This paper introduces a new family of in-place sorting algorithms, the partition sorts. They are appealing both for their relative simplicity and their efficient performance. They perform Θ(n log n) operations on the average, and \(\Theta(n \log^2\!n)\) operations in the worst case.

The partition sorts are related to another family of sorting algorithms discovered recently by Chen [Che02]. He showed empirically that one version ran faster, on the average, than quicksort, and that the algorithm family performed Θ(n log n) comparisons in the worst case; however no average case analysis was obtained.

This paper completes the analysis of Chen’s algorithm family. In particular, a bound of n log n +O(n) comparisons and Θ(n log n) operations is shown for the average case, and \(\Theta (n \log^2\!n)\) operations for the worst case. The average case analysis is somewhat unusual. It proceeds by showing that Chen’s sorts perform, on the average, no more comparisons than the partition sorts.

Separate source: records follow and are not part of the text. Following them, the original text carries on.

(* Let $\mathcal{C}_3=\mathbb{C}\{e_1,e_2,e_3\}$ be the complex Clifford algebra with generators satisfying $e_j^2=-1$ and $e_je_k=-e_ke_j$ ($j\neq k$), of dimension $8$, and let $e_{[3]}=e_1e_2e_3$, so that $e_{[3]}^2=1$. Let $\mathcal{C}_2\subset\mathcal{C}_3$ be the subalgebra with basis $1,e_1,e_2,e_{12}=e_1e_2$. Then every $a\in\mathcal{C}_3$ can be written as $a=a_0+a_1e_{[3]}$ with $a_0,a_1\in\mathcal{C}_2$. Define $\overline{a}=a_0-a_1e_{[3]}$ and $D_a=\mathrm{diag}(aI_2,\overline{a}I_2)$. Let $$P_2=\frac12\begin{pmatrix}1-ie_1 & e_2+ie_{12}\\ -e_2+ie_{12} & 1+ie_1\end{pmatrix}\ (=P_2^{-1}),$$ $$P_3=\frac12\begin{pmatrix}(1+e_{[3]})P_2 & -(1-e_{[3]})P_2\\ (1-e_{[3]})P_2 & (1+e_{[3]})P_2\end{pmatrix},\qquad P_3'=\frac12\begin{pmatrix}P_2^{-1}(1+e_{[3]}) & P_2^{-1}(1-e_{[3]})\\ -P_2^{-1}(1-e_{[3]}) & P_2^{-1}(1+e_{[3]})\end{pmatrix}.$$ Then $P_3$ is invertible with $P_3^{-1}=P_3'$, and $$P_3D_aP_3^{-1}=\begin{pmatrix}\phi_2(a_0)+\phi_2(a_1) & 0\\ 0 & \phi_2(a_0)-\phi_2(a_1)\end{pmatrix},$$ a block diagonal matrix with two $2\times 2$ complex blocks.
   Context: For $b=b_0+b_1e_1+b_2e_2+b_3e_{12}\in\mathcal{C}_2$ ($b_j\in\mathbb{C}$), $\phi_2(b)=\begin{pmatrix}b_0+b_1i & -(b_2+b_3i)\\ b_2-b_3i & b_0-b_1i\end{pmatrix}\in\mathbb{C}^{2\times 2}$. $i$ is the imaginary unit of $\mathbb{C}$. For an element $c$ and a matrix $M$, $cM$ (resp. $Mc$) denotes the matrix with entries $cM_{jk}$ (resp. $M_{jk}c$). *)

(* The complex Clifford algebra C_3 = C{e1,e2,e3} (e_j^2 = -1,
   e_j e_k = - e_k e_j) is built concretely: an element is the family of its
   coefficients on the blades e_A, A a subset of {e1,e2,e3} (indices 0,1,2 of 'I_3),
   and the product is the standard blade product
     e_A e_B = (-1)^(#{(i,j) : i in A, j in B, j < i} + |A /\ B|) e_(A symdiff B). *)
From HB Require Import structures.
From mathcomp Require Import all_boot all_order all_algebra.
Set Implicit Arguments. Unset Strict Implicit. Unset Printing Implicit Defensive.
Import Order.TTheory GRing.Theory Num.Theory.
Local Open Scope ring_scope.

Section Clifford3.
Variable C : numClosedFieldType.

Notation idx := {set 'I_3}.
Definition cl3 := {ffun idx -> C}.
HB.instance Definition _ := GRing.Zmodule.copy cl3 {ffun idx -> C}.
Definition clscale (c : C) (x : cl3) : cl3 := [ffun A => c * x A].

Definition i1 : 'I_3 := inord 0.
Definition i2 : 'I_3 := inord 1.
Definition i3 : 'I_3 := inord 2.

Optimised versions of the partition sort and Chen’s algorithm are very similar in performance, and both run marginally faster than an optimised quasi-best-of-nine variant of quicksort [BM93]. They both have a markedly smaller variance than the quicksorts.

Keywords

Recursive Call Additional Space Operation Count Input Ordering Cache Behaviour 
These keywords were added by machine and not by the authors. This process is experimental and the keywords may be updated as the learning algorithm improves.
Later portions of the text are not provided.